Given the current challenges and market conditions, NEA’s newly launched policy provided a list of projects that are considered qualified as “pilot demonstration projects”. In China’s context, the shortlisted demonstration projects are expected to receive financial support from national and provincial governments, enjoy better interest rates for loans, set standards and templates for future projects, and get on the fast track for commercialization.

“The shortlisted projects focus on three perspectives: decarbonizing China’s hydrogen production, tackling the logistic bottlenecks, and scaling up demand, which are also the key challenges in China’s hydrogen industry,” a Beijing-based hydrogen analyst told Platts, part of S&P Global Commodity Insights.

Boosting renewable hydrogen supplies

In the list of eligible project types, published on June 10, NEA prioritized large-scale renewable and nuclear hydrogen production projects, which means projects that have no less than 100 MW or 20,000 cu m/hour of capacity.
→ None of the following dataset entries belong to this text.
Definition parametricity {Prim : Type} (psem : Prim -> env -> Heap -> Prop)
  (lhs rhs : list (assertion Prim * list nat)) (eta : env) : Prop :=
  forall (h : Heap) (hs : nat -> Heap),
    (forall i, i < length lhs -> hext (hs i) h /\ sem1 psem eta (phi_ lhs i) (hs i)) ->
    (exists i j, i < length lhs /\ j < length rhs /\
        sem1 psem eta (phi_ rhs j) (hs i) /\ PiGeOmega lhs rhs i j)
    \/
    (exists j, j < length rhs /\ avars_ rhs j = [] /\ sem1 psem eta (phi_ rhs j) h).

From Stdlib Require Import ZArith List PArith Arith Lia Classical.
Import ListNotations.

(* Fix a heap h and sub-heaps h_i ⊑ h with h_i ∈ [[φ_i]].  We
   build one unary interpretation ρ of the assertion variables, the
   "witness interpretation": a variable outside B denotes every heap, and a
   variable c ∈ B denotes the heaps extending h \ h_i for some conjunct i in
   which c occurs.  By (B1) each conjunct φ_i * a_{i,1} * ... contains at most
   one variable of B, so h splits as h_i · (h \ h_i) and satisfies it; hence h
   satisfies the left-hand side, and by unary validity some disjunct j.  By
   (B2) either disjunct j carries no variable at all (second alternative of
   the Parametricity Condition), or exactly one variable c ∈ B.  In the latter
   case the part of h satisfying ψ_j is disjoint from an extension of h \ h_i,
   hence lies inside h_i, so h_i ∈ [[ψ_j]]; and (B3) together with the
   uniqueness of c forces Π(i) ≥ Ω(j) (first alternative). *)

Definition hemp : Heap :=
  mkHeap (fun _ => None) (ex_intro _ [] (fun x H => False_ind _ (H eq_refl))).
Eligible projects are also required to integrate supply and demand, utilizing the clean hydrogen in industrial processes like ammonia and methanol synthesis, refining and producing sustainable aviation fuel.

Smaller renewable hydrogen projects are considered eligible if they are in China’s rural coastal and desert areas and can operate independently, without electricity supplies from the public power grids, NEA said, adding that such projects have a lower capacity threshold of 10 MW.

Meanwhile, NEA called for projects that leverage carbon capture and storage technologies to decarbonize hydrogen produced from fossil fuels, as well as projects that can boost the consumption of hydrogen byproducts in nearby industrial plants. The policy called for selecting pilot regions to build up industry clusters that connect suppliers and buyers for such low-carbon hydrogen.

Local analysts pointed out that large-scale renewable hydrogen production remained challenging in China and globally because the intermittency of renewable electricity could significantly impact hydrogen outputs and trigger safety hazards.

Transportation, storage and utilization

NEA also called for projects that can enable large-scale, long-distance hydrogen transportation. The eligible projects should be able to carry no less than 600 kg of hydrogen in a single vehicle or build pipelines that can transport hydrogen over no less than 100 km.

NEA said projects with a hydrogen storage capacity above 20,000 cu m would be considered eligible, without showing preferences towards any existing technologies.

From the demand side, NEA supported projects that can adopt at least 1,000 mt/year of renewable hydrogen to substitute emission-intensive fuels and raw materials in heavy industries, such as refining and coal chemical industries.

Meanwhile, NEA supported co-firing coal and gas with hydrogen and ammonia for power generation. Eligible gas-fired projects should have generation capacities above 10 MW, and the hydrogen/ammonia content should be no less than 15%. Eligible coal-fired projects should have generation capacities above 300 MW, and the hydrogen/ammonia content should be no less than 10%.

NEA also called for exploring ways to use carbon markets to finance these pilot projects.

“Different from countries like Japan and Singapore that focus more on developing international hydrogen supply chains, the latest NEA policy still focuses more on building up the domestic ecosystem first. Notably, NEA did not give any specific signals regarding maritime transportation or unlocking demand from international buyers,” the Beijing-based analyst said.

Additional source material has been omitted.